-- ASSIGNED TASK --
After locating the line that contains "eqxx big_mkcond sum_resources; apply: eq_bigr => i _." in the data below, set down exactly that line and each one after it through the line that contains "true else 0))).", and nothing more.

-- RECORDED DATA --
Definition slack k := (a k - mix_max * b k) / - g k.

Definition steepest := [arg max_(k > pq0.2 | D k && (g k < 0)) slack k]%O.
Definition mix_nu := slack steepest.

Lemma steepestP : [/\ D steepest, g steepest < 0 &
  forall k, D k -> g k < 0 -> slack k <= mix_nu].
Proof.
have q0P : D pq0.2 && (g pq0.2 < 0) by case/and5P: mixable_pq0 => _ -> _ _ ->.
rewrite /mix_nu /steepest.
case: (@arg_maxP _ _ _ pq0.2 (fun k => D k && (g k < 0)) slack q0P) => k.
move=> /andP[Dk gk_lt0] k_max.
by split=> // k' Dk' gk'_lt0; apply: k_max; rewrite Dk'.
Qed.

Lemma mix_dual_feasible k : D k -> mix_nu * g k + a k <= mix_max * b k.
Proof.
move=> Dk; have [Ds gs_lt0 s_max] := steepestP.
have ngs_gt0 : 0 < - g steepest by rewrite oppr_gt0.
have [gk_lt0|gk_ge0] := ltP (g k) 0.
  have := s_max k Dk gk_lt0.
  rewrite /slack ler_pdivrMr ?oppr_gt0 //; lra.
have [bk_eq0|bk_neq0] := eqVneq (b k) 0.
  by case: (b_eq0 Dk bk_eq0) => [|[-> ->]]; rewrite ?bk_eq0 ?mulr0 ?addr0 //; lra.
have bk_gt0 : 0 < b k by rewrite lt0r bk_neq0 b_ge0.
(* A point with g k >= 0 is controlled through its mixture with [steepest]. *)
have mk : mixable (k, steepest) by apply/and5P.
have nu_eq : mix_nu * - g steepest = a steepest - mix_max * b steepest.
  by rewrite /mix_nu /slack divfK ?gt_eqF.
have := mix_le_max mk; rewrite /mix /= => mix_le.
rewrite -(ler_pM2r ngs_gt0).
have -> : (mix_nu * g k + a k) * - g steepest
          = g k * (mix_nu * - g steepest) - g steepest * a k by ring.
rewrite nu_eq; lra.
Qed.

End PairMixing.

Section Triples.
Variables (R : realType) (Ty : finType) (n : nat) (c f : Ty -> nat -> R).

Definition triple := (Ty * 'I_n.+1 * 'I_n.+1 * 'I_n.+1)%type.

Definition ttype (k : triple) : Ty := k.1.1.1.
Definition tleave (k : triple) : nat := k.1.1.2.
Definition tstay (k : triple) : nat := k.1.2.
Definition tjoin (k : triple) : nat := k.2.

Definition triple_ok (k : triple) := (tleave k + tstay k + tjoin k <= n)%N.
Definition triple_delta (k : triple) := dev_delta f (ttype k) (tleave k) (tstay k) (tjoin k).
Definition cost_at_ne (k : triple) := c (ttype k) (tleave k + tstay k).
Definition cost_at_opt (k : triple) := c (ttype k) (tstay k + tjoin k).

Definition tight_family (rho : R) (I : finType) (tr : I -> triple) (w : I -> R) :=
  [/\ \sum_i w i * triple_delta (tr i) = 0,
      0 < \sum_i w i * cost_at_opt (tr i) &
      \sum_i w i * cost_at_ne (tr i) = rho * \sum_i w i * cost_at_opt (tr i)].

End Triples.

Lemma card_window N lo k : (lo + k <= N)%N ->
  #|[set d : 'I_N | (lo <= d < lo + k)%N]| = k.
Proof.
move=> hiN; rewrite -sum1dep_card -(big_ord_widen_cond _ _ (fun=> 1%N) hiN) /=.
by rewrite -[RHS](addKn lo) -[RHS]muln1 -sum_nat_const_nat big_geq_mkord.
Qed.

Lemma if_window_split (V : nmodType) (F : bool -> V) d lo k l :
  (if (lo <= d < lo + k + l)%N then F (lo + k <= d)%N else 0) =
  (if (lo <= d < lo + k)%N then F false else 0) +
  (if (lo + k <= d < lo + k + l)%N then F true else 0).
Proof.
case: (ltnP d (lo + k)) => [d_lt|d_ge] /=.
  by rewrite (leq_trans d_lt (leq_addr _ _)) andbT addr0.
have lo_le_d : (lo <= d)%N := leq_trans (leq_addr _ _) d_ge.
by rewrite lo_le_d andbF add0r.
Qed.

Section Circulant.
Variables (R : realType) (m : nat) (Ty : finType) (c f : Ty -> nat -> R).
Local Notation N := m.+1.
Variables (I : finType) (tr : I -> triple Ty N) (w : I -> R).
Hypotheses (tr_ok : forall i, triple_ok (tr i)) (w_ge0 : forall i, 0 <= w i).
Local Notation A i := (tleave (tr i)).
Local Notation X i := (tstay (tr i)).
Local Notation B i := (tjoin (tr i)).
Local Notation Res := (I * 'I_N)%type.

(* Agent p uses resource (i, s) in its equilibrium action iff (p - s) mod N lies in
   [0, A i + X i), and in its optimal action iff it lies in [A i, A i + X i + B i):
   every resource (i, s) sees exactly the leave/stay/join pattern of [tr i]. *)
Definition offset (p s : 'I_N) : nat := (p - s)%R.

Definition ne_action (p : 'I_N) : {set Res} :=
  [set r | (offset p r.2 < A r.1 + X r.1)%N].
Definition opt_action (p : 'I_N) : {set Res} :=
  [set r | (A r.1 <= offset p r.2 < A r.1 + X r.1 + B r.1)%N].

Definition circulant : game R N Ty Res :=
  Game (fun r => w r.1) (fun r => ttype (tr r.1)) (fun p => [set ne_action p; opt_action p]).

Lemma card_offset_window (s : 'I_N) lo k : (lo + k <= N)%N ->
  #|[set p | (lo <= offset p s < lo + k)%N]| = k.
Proof.
move=> hiN; have sub_inj : injective (fun p : 'I_N => p - s)%R by move=> p q /addIr.
rewrite -[RHS](card_window hiN) -[RHS](card_preimset _ sub_inj).
by apply: eq_card => p; rewrite !inE.
Qed.

Lemma sum_window (p : 'I_N) (x : R) lo k : (lo + k <= N)%N ->
  \sum_(s : 'I_N) (if (lo <= offset p s < lo + k)%N then x else 0) = x *+ k.
Proof.
move=> hiN; have sub_inj : injective (fun s : 'I_N => p - s)%R.
  by move=> s t /addrI/oppr_inj.
rewrite (reindex_inj sub_inj) /offset.
under eq_bigr do rewrite opprB addrC subrK.
by rewrite -big_mkcond sumr_cond_const card_window.
Qed.

Lemma sum_resources (F : Res -> R) : \sum_r F r = \sum_i \sum_s F (i, s).
Proof. by rewrite pair_bigA; apply: eq_bigr => -[]. Qed.

Lemma ne_window_le i : (A i + X i <= N)%N.
Proof. exact: leq_trans (leq_addr _ _) (tr_ok i). Qed.

Lemma load_ne r : load ne_action r = (A r.1 + X r.1)%N.
Proof.
rewrite loadE -[RHS](@card_offset_window r.2 0 _ (ne_window_le r.1)).
by apply: eq_card => p; rewrite !inE.
Qed.

Lemma load_opt r : load opt_action r = (X r.1 + B r.1)%N.
Proof.
rewrite loadE -[RHS](@card_offset_window r.2 (A r.1) (X r.1 + B r.1)).
  by apply: eq_card => p; rewrite !inE addnA.
by rewrite addnA; apply: tr_ok.
Qed.

Lemma syscost_circulant (a : profile N Res) (L : I -> nat) :
  (forall r, load a r = L r.1) ->
  syscost c circulant a = N%:R * \sum_i w i * c (ttype (tr i)) (L i).
Proof.
move=> loadL; rewrite /syscost sum_resources mulr_sumr; apply: eq_bigr => i _.
under eq_bigr do rewrite loadL /=.
by rewrite sumr_const card_ord mulr_natl.
Qed.

Lemma loccost_ne (p : 'I_N) : loccost f circulant p ne_action =
  \sum_i w i * f (ttype (tr i)) (A i + X i) *+ (A i + X i).
Proof.
rewrite /loccost big_mkcond sum_resources; apply: eq_bigr => i _.
under eq_bigr do rewrite load_ne inE /=.
exact: (@sum_window p _ 0 _ (ne_window_le i)).
Qed.

Lemma loccost_deviation (p : 'I_N) :
  loccost f circulant p (upd ne_action p (opt_action p)) =
  \sum_i (w i * f (ttype (tr i)) (A i + X i) *+ X i
          + w i * f (ttype (tr i)) (A i + X i).+1 *+ B i).
Proof.
rewrite /loccost {1}/upd eqxx big_mkcond sum_resources; apply: eq_bigr => i _.
pose F (b : bool) := w i * f (ttype (tr i)) (b + (A i + X i))%N.
rewrite (eq_bigr (fun s => (if (A i <= offset p s < A i + X i)%N then F false else 0)
    + (if (A i + X i <= offset p s < A i + X i + B i)%N then F true else 0))).
  by rewrite big_split /= !sum_window ?ne_window_le //; apply: tr_ok.
move=> s _; rewrite -if_window_split inE /=; case: ifP => // opt_s.
by rewrite load_upd ?inE // load_ne /= -leqNgt.
Qed.

Lemma loccost_gain (p : 'I_N) :
  loccost f circulant p (upd ne_action p (opt_action p)) - loccost f circulant p ne_action
  = \sum_i w i * triple_delta f (tr i).
Proof.
rewrite loccost_deviation loccost_ne -sumrB; apply: eq_bigr => i _.
rewrite /triple_delta /dev_delta !mulr_natl mulrBr !mulrnAr mulrnDr; lra.
Qed.

Lemma circulant_valid : valid_game circulant.
Proof.
split=> [r|p]; first exact: w_ge0.
by apply/set0Pn; exists (ne_action p); rewrite !inE eqxx.
Qed.

Lemma opt_action_feasible : feasible circulant opt_action.
Proof. by move=> p; rewrite !inE eqxx orbT. Qed.

Lemma circulant_NE : 0 <= \sum_i w i * triple_delta f (tr i) -> is_NE f circulant ne_action.
Proof.
move=> gain_ge0; split=> [p|p a]; first by rewrite !inE eqxx.
rewrite !inE => /orP[]/eqP->; last by rewrite -subr_ge0 loccost_gain.
have -> : upd ne_action p (ne_action p) = ne_action.
  by apply: funext => q; rewrite /upd; case: eqP => // ->.
exact: lexx.
Qed.

Lemma circulant_tight rho : tight_family c f rho tr w ->
  [/\ is_NE f circulant ne_action,
      syscost c circulant ne_action = rho * syscost c circulant opt_action
    & 0 < syscost c circulant opt_action].
Proof.
case=> gain_eq0 opt_gt0 ne_eq.
rewrite (syscost_circulant (L := fun i => A i + X i)%N load_ne).
rewrite (syscost_circulant (L := fun i => X i + B i)%N load_opt).
split; first by apply: circulant_NE; rewrite gain_eq0.
  by rewrite [RHS]mulrCA; congr (_ * _); exact: ne_eq.
by apply: mulr_gt0; [rewrite ltr0n | exact: opt_gt0].
Qed.

End Circulant.

Section LPSolution.
Variables (R : realType) (Ty : finType) (n : nat) (c f : Ty -> nat -> R).
Hypotheses (n_gt0 : (0 < n)%N) (c0 : forall t, c t 0%N = 0).
Hypothesis c_gt0 : forall t x, (1 <= x <= n)%N -> 0 < c t x.
Hypothesis f_gt0 : forall t x, (1 <= x <= n)%N -> 0 < f t x.

Lemma c_ge0 t x : (x <= n)%N -> 0 <= c t x.
Proof. by case: x => [|x] x_le; rewrite ?c0 // ltW // c_gt0. Qed.

Lemma stay_join_le (k : triple Ty n) : triple_ok k -> (tstay k + tjoin k <= n)%N.
Proof. by apply: leq_trans; rewrite -addnA leq_addl. Qed.

Lemma cost_at_opt_ge0 : {in @triple_ok Ty n, forall k, 0 <= cost_at_opt c k}.
Proof. by move=> k /stay_join_le; apply: c_ge0. Qed.

Lemma cost_at_opt_eq0 : {in @triple_ok Ty n, forall k, cost_at_opt c k = 0 ->
  triple_delta f k < 0 \/ triple_delta f k = 0 /\ cost_at_ne c k = 0}.
Proof.
move=> k k_ok; rewrite /cost_at_opt /triple_delta /cost_at_ne /dev_delta.
have [XB_gt0|] := ltnP 0 (tstay k + tjoin k).
  by move/eqP; rewrite gt_eqF // c_gt0 // XB_gt0 stay_join_le.
rewrite leqn0 addn_eq0 => /andP[/eqP-> /eqP->] _; rewrite mul0r sub0r addn0.
have [->|A_gt0] := posnP (tleave k); [right | left]; first by rewrite mul0r oppr0 c0.
rewrite oppr_lt0 mulr_gt0 ?ltr0n // f_gt0 // A_gt0.
by apply: leq_trans k_ok; rewrite -addnA leq_addr.
Qed.

Lemma lp_solution : (0 < #|Ty|)%N ->
  exists (rho nu : R) (tr : bool -> triple Ty n) (w : bool -> R),
  [/\ 1 <= rho, 0 < nu, lp_feasible n c f nu rho,
      (forall i, triple_ok (tr i)) /\ (forall i, 0 <= w i)
    & tight_family c f rho tr w].
Proof.
case/card_gt0P => t0 _.
pose one : 'I_n.+1 := Ordinal (n_gt0 : (1 < n.+1)%N).
pose j0 : triple Ty n := (t0, ord0, one, ord0).
pose k0 : triple Ty n := (t0, one, ord0, ord0).
pose D := @triple_ok Ty n; pose g : triple Ty n -> R := triple_delta f.
pose a : triple Ty n -> R := cost_at_ne c; pose b : triple Ty n -> R := cost_at_opt c.
have c1_gt0 : 0 < c t0 1%N by rewrite c_gt0 ?n_gt0.
have f1_gt0 : 0 < f t0 1%N by rewrite f_gt0 ?n_gt0.
have g_j0 : g j0 = 0 by rewrite /g /triple_delta /dev_delta /= !mul0r subr0.
have g_k0 : g k0 = - f t0 1%N by rewrite /g /triple_delta /dev_delta /= mul0r mul1r sub0r.
(* j0 = (t0, 0, 1, 0) and k0 = (t0, 1, 0, 0) mix with ratio 1, and k0 has positive slack. *)
have mix0 : mixable D g b (j0, k0).
  by apply/and5P; split; rewrite /D /triple_ok /= ?g_j0 ?g_k0 ?oppr_lt0 //.
have [best_ok best_max] := best_mixP a mix0.
have [_ _ steep_max] := steepestP a mix0.
set rho := mix_max D g a b (j0, k0).
set p := best_mix D g a b (j0, k0).
exists rho, (mix_nu D g a b (j0, k0)), (fun i => if i then p.1 else p.2).
exists (fun i => if i then - g p.2 else g p.1); split.
- have := best_max (j0, k0) mix0; rewrite /mix_ratio /mix /=.
  case/and5P: mix0 => _ _ _ b_j0 _.
  have -> : a j0 = b j0 by rewrite /a /b /cost_at_ne /cost_at_opt /= add0n addn0.
  by rewrite g_j0 g_k0 opprK !mul0r !addr0 divff // mulf_neq0 ?gt_eqF.
- apply: lt_le_trans (steep_max k0 _ _); rewrite ?g_k0 ?oppr_lt0 //.
  rewrite /slack /a /b /cost_at_ne /cost_at_opt g_k0 opprK /= !addn0 c0 mulr0 subr0.
  exact: divr_gt0.
- move=> t A X B hn.
  have hA : (A < n.+1)%N by rewrite ltnS (leq_trans _ hn) // -addnA leq_addr.
  have hX : (X < n.+1)%N by rewrite ltnS (leq_trans _ hn) // addnAC leq_addl.
  have hB : (B < n.+1)%N by rewrite ltnS (leq_trans _ hn) // leq_addl.
  exact: (mix_dual_feasible cost_at_opt_ge0 cost_at_opt_eq0 mix0
           (k := (t, Ordinal hA, Ordinal hX, Ordinal hB)) hn).
- case/and5P: best_ok => ok1 ok2 g1_ge0 _ g2_lt0.
  by split=> -[] //; rewrite ?oppr_ge0 ltW.
- rewrite /tight_family !big_bool /=; split.
  + by rewrite mulNr mulrC addNr.
  + exact: (mix_b_gt0 cost_at_opt_ge0 best_ok).
  + exact: (mix_max_attained a cost_at_opt_ge0 mix0).
Qed.

End LPSolution.

Theorem theorem4 (R : realType) (n : nat) (Ty : finType) (c f : Ty -> nat -> R) :
  (0 < n)%N -> (0 < #|Ty|)%N ->
  (forall t, c t 0%N = 0) ->
  (forall t x, (1 <= x <= n)%N -> 0 < c t x) ->
  (forall t x, (1 <= x <= n)%N -> 0 < f t x) ->
  classPoA n c f = classGPoA n c f /\
  exists (Res : finType) (G : @game R n Ty Res),
    valid_game G /\ (#|Res| <= 2 * n)%N /\ pos_opt c G /\
    gamePoA c f G = classGPoA n c f.
Proof.
move=> n_gt0 Ty_gt0 c0 c_gt0 f_gt0; case: n => [//|m] in n_gt0 c_gt0 f_gt0 *.
have [rho [nu [tr [w [rho_ge1 nu_gt0 lp [tr_ok w_ge0] tight]]]]] :=
  lp_solution n_gt0 c0 c_gt0 f_gt0 Ty_gt0.
have rho_gt0 : 0 < rho := lt_le_trans ltr01 rho_ge1.
pose G := circulant tr w.
have vG : valid_game G := circulant_valid tr w_ge0.
have [neNE Cne Copt_gt0] := circulant_tight tr_ok tight.
have posG : pos_opt c G.
  apply: pos_opt_of_NE (gpoa_feasible_lp nu_gt0 rho_gt0 lp) vG neNE _.
  by rewrite Cne mulr_gt0.
have GPoA_le_G : (classGPoA m.+1 c f <= gamePoA c f G)%E.
  apply: le_trans (classGPoA_le_lp nu_gt0 rho_gt0 lp) _.
  exact: gamePoA_ge vG posG neNE (opt_action_feasible tr w) (ltW rho_gt0) Cne.
have G_le_PoA : (gamePoA c f G <= classPoA m.+1 c f)%E.
  by apply: ereal_sup_ubound; exists (bool * 'I_m.+1)%type, G.
have PoA_le_GPoA := classPoA_le_classGPoA m.+1 c f.
split; first by apply/le_anti; rewrite PoA_le_GPoA (le_trans GPoA_le_G G_le_PoA).
exists (bool * 'I_m.+1)%type, G; split=> //; split.
  by rewrite card_prod card_bool card_ord.
by split=> //; apply/le_anti; rewrite GPoA_le_G (le_trans G_le_PoA PoA_le_GPoA).
Qed.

-- EXERCISE RESULT --
rewrite /loccost {1}/upd eqxx big_mkcond sum_resources; apply: eq_bigr => i _.
pose F (b : bool) := w i * f (ttype (tr i)) (b + (A i + X i))%N.
rewrite (eq_bigr (fun s => (if (A i <= offset p s < A i + X i)%N then F false else 0)
    + (if (A i + X i <= offset p s < A i + X i + B i)%N then F true else 0))).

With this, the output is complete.